__EXERCISE__: After locating the line with "g (plug E1 e)", reproduce that line and every one following it exactly, up to the end of the entries.

__Records drawn from a dataset__:
***

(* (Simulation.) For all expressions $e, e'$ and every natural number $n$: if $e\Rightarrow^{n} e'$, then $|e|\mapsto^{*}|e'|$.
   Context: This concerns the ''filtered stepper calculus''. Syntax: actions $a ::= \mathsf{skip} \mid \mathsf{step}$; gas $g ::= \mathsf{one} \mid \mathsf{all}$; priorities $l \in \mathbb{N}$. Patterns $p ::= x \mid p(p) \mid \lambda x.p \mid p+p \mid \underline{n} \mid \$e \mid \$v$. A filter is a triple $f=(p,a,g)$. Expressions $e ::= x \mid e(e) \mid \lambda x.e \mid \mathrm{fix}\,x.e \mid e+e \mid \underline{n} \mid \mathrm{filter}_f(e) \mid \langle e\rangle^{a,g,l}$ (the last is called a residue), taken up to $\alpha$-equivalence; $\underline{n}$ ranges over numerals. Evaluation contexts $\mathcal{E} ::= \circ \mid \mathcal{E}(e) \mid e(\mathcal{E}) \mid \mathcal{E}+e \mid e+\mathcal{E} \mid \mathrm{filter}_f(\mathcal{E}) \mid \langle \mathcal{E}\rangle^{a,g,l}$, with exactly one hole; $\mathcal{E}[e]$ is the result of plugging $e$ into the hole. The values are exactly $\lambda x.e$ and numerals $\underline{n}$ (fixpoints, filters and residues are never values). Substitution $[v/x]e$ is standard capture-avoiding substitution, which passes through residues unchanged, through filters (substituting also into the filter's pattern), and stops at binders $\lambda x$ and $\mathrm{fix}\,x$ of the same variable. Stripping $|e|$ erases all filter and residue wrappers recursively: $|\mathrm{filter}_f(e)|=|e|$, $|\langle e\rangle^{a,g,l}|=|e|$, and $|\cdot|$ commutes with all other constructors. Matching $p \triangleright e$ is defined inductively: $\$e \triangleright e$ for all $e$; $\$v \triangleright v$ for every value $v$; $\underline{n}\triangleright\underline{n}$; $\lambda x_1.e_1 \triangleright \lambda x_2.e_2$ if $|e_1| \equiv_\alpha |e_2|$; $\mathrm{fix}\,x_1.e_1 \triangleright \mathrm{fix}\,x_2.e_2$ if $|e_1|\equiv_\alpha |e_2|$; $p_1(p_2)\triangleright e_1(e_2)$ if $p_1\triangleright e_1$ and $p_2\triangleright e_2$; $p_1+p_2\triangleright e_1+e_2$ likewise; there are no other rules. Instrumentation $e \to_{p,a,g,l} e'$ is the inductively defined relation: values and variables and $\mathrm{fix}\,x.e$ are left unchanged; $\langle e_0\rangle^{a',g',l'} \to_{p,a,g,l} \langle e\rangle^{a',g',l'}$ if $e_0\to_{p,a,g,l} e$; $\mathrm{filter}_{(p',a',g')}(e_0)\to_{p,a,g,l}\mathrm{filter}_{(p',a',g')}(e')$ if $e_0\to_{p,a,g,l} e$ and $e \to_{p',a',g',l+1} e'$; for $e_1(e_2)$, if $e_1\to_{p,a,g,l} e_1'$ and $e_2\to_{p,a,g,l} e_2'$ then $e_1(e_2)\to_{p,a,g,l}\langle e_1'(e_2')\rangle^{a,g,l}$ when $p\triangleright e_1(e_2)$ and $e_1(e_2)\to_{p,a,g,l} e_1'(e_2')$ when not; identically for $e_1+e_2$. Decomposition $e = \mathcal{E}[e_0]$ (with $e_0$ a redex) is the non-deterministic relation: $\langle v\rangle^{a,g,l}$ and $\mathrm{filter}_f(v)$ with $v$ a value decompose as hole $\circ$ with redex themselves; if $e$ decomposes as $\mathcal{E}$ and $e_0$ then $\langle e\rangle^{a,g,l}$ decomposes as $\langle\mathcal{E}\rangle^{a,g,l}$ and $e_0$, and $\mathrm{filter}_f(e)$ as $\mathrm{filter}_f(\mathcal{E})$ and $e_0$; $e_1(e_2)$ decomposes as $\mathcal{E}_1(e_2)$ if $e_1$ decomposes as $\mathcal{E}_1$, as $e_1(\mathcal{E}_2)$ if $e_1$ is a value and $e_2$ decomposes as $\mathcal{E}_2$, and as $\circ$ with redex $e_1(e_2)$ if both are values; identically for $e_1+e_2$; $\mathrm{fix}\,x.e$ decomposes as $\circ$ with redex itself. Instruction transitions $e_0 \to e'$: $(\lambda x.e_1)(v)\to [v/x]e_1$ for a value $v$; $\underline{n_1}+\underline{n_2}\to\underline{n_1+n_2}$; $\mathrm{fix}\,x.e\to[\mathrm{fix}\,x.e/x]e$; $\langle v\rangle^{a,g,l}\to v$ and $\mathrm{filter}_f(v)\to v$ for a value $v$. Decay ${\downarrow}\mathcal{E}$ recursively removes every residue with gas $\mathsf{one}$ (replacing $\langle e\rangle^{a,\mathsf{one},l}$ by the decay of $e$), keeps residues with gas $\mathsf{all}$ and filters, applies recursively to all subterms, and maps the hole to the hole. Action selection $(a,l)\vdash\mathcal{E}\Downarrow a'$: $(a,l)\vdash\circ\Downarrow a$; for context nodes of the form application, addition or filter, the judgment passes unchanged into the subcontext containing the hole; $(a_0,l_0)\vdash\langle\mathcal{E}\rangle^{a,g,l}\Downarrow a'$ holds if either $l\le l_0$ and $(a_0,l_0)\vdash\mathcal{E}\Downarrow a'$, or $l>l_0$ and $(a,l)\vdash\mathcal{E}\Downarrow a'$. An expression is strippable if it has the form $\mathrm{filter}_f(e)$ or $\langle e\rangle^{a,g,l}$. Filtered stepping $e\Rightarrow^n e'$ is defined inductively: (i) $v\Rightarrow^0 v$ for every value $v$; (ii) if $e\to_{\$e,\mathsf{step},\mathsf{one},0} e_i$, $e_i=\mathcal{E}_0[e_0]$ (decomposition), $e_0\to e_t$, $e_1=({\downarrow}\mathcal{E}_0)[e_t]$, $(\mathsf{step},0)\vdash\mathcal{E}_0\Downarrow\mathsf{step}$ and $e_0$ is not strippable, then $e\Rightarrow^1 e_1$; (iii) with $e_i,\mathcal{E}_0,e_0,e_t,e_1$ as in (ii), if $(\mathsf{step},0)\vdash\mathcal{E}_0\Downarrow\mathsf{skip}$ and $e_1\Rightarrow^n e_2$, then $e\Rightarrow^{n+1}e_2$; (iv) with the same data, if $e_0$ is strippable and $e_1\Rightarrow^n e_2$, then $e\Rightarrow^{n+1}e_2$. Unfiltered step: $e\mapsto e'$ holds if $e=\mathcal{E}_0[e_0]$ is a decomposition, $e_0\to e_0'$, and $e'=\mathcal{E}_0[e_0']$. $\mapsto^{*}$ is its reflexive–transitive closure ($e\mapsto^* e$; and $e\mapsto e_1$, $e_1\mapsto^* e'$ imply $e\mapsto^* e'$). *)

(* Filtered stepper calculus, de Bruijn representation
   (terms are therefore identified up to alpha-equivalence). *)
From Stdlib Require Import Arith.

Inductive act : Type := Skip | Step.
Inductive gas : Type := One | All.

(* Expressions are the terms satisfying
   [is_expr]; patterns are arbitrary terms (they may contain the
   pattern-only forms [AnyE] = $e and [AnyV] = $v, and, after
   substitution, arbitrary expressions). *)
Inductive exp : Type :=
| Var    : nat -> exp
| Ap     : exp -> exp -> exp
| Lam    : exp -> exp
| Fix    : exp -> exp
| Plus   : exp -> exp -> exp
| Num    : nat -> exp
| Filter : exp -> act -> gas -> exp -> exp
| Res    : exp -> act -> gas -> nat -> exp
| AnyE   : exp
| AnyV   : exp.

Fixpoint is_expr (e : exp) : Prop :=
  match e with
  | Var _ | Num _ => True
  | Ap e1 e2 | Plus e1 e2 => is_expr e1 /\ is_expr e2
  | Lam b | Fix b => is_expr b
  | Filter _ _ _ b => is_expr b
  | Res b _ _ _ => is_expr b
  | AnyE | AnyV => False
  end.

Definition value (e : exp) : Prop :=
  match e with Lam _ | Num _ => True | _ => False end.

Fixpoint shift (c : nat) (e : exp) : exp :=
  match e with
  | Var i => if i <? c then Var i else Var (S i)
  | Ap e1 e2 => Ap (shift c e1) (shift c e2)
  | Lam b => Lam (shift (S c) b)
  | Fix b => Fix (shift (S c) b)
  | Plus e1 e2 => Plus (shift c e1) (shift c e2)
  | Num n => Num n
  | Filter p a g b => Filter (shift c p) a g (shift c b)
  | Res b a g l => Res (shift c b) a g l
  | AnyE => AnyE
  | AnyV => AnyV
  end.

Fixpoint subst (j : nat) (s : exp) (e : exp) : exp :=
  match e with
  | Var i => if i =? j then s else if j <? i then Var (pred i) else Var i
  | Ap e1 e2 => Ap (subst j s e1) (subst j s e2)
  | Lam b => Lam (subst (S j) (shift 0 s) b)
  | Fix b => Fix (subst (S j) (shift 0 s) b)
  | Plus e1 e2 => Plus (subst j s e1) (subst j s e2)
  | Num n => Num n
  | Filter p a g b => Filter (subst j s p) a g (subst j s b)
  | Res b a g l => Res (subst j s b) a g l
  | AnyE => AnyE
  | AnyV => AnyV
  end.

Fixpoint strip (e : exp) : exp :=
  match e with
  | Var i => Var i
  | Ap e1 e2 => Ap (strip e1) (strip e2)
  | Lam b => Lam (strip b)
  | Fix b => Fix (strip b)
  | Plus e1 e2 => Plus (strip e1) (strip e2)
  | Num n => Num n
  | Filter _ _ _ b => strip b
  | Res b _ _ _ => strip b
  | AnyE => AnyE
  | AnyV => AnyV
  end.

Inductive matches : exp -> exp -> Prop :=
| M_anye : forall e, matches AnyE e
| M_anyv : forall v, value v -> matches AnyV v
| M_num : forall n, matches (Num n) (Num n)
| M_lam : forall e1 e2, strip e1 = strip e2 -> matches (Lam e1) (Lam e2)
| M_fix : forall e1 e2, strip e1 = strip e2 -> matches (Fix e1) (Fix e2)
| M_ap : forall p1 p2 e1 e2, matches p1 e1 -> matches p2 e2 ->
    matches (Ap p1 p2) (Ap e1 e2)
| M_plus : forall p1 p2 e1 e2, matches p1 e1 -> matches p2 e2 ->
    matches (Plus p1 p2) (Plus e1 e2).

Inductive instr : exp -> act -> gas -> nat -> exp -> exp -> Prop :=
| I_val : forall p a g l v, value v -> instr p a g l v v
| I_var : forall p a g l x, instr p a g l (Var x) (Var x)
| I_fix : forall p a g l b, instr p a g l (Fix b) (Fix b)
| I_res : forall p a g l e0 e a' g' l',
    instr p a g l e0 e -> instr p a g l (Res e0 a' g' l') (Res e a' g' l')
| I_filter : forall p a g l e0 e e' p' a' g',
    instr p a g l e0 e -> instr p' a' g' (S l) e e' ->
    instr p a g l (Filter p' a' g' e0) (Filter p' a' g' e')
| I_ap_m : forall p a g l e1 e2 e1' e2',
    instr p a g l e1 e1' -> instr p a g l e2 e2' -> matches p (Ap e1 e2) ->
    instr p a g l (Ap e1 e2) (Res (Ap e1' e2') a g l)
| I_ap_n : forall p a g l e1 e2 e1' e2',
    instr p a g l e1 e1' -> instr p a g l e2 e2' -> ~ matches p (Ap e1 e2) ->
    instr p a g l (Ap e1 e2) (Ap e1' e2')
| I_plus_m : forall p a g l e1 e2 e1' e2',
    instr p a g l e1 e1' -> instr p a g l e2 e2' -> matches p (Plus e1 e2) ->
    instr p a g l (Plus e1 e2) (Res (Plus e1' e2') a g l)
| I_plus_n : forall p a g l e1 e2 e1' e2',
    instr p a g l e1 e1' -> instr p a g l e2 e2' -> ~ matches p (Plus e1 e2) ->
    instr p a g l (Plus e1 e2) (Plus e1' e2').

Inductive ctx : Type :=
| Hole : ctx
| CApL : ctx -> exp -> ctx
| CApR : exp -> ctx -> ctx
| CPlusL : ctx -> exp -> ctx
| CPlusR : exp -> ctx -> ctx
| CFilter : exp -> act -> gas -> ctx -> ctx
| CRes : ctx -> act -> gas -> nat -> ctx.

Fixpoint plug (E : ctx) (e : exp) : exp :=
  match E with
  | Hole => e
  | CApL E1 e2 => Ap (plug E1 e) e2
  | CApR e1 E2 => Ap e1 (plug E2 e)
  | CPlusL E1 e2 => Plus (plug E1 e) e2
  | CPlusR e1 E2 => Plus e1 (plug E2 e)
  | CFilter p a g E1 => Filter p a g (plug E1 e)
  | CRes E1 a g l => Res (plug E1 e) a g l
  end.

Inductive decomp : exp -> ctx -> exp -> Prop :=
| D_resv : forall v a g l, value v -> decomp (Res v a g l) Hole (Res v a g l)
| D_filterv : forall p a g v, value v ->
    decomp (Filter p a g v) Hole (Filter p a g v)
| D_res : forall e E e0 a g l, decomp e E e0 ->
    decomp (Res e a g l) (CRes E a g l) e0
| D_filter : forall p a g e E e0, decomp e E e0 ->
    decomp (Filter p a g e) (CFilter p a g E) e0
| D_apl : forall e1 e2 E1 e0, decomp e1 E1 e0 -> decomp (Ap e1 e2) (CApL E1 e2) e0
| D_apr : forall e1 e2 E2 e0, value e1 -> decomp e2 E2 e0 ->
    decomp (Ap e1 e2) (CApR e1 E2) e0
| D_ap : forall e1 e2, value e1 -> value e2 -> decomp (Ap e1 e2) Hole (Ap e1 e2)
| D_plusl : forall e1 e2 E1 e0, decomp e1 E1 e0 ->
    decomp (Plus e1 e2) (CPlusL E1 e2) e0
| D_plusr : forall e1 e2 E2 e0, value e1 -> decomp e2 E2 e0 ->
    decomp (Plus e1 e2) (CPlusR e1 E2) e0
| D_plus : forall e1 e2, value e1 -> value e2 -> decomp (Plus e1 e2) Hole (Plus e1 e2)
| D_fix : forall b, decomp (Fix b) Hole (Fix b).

***

__COMPLETED TASK__:
  | CFilter p a g E1 => Filter p a g (plug E1 e)
  | CRes E1 a g l => Res (plug E1 e) a g l
  end.

Inductive decomp : exp -> ctx -> exp -> Prop :=
| D_resv : forall v a g l, value v -> decomp (Res v a g l) Hole (Res v a g l)
| D_filterv : forall p a g v, value v ->
    decomp (Filter p a g v) Hole (Filter p a g v)
| D_res : forall e E e0 a g l, decomp e E e0 ->
    decomp (Res e a g l) (CRes E a g l) e0
| D_filter : forall p a g e E e0, decomp e E e0 ->
    decomp (Filter p a g e) (CFilter p a g E) e0
| D_apl : forall e1 e2 E1 e0, decomp e1 E1 e0 -> decomp (Ap e1 e2) (CApL E1 e2) e0
| D_apr : forall e1 e2 E2 e0, value e1 -> decomp e2 E2 e0 ->
    decomp (Ap e1 e2) (CApR e1 E2) e0
| D_ap : forall e1 e2, value e1 -> value e2 -> decomp (Ap e1 e2) Hole (Ap e1 e2)
| D_plusl : forall e1 e2 E1 e0, decomp e1 E1 e0 ->
    decomp (Plus e1 e2) (CPlusL E1 e2) e0
| D_plusr : forall e1 e2 E2 e0, value e1 -> decomp e2 E2 e0 ->
    decomp (Plus e1 e2) (CPlusR e1 E2) e0
| D_plus : forall e1 e2, value e1 -> value e2 -> decomp (Plus e1 e2) Hole (Plus e1 e2)
| D_fix : forall b, decomp (Fix b) Hole (Fix b).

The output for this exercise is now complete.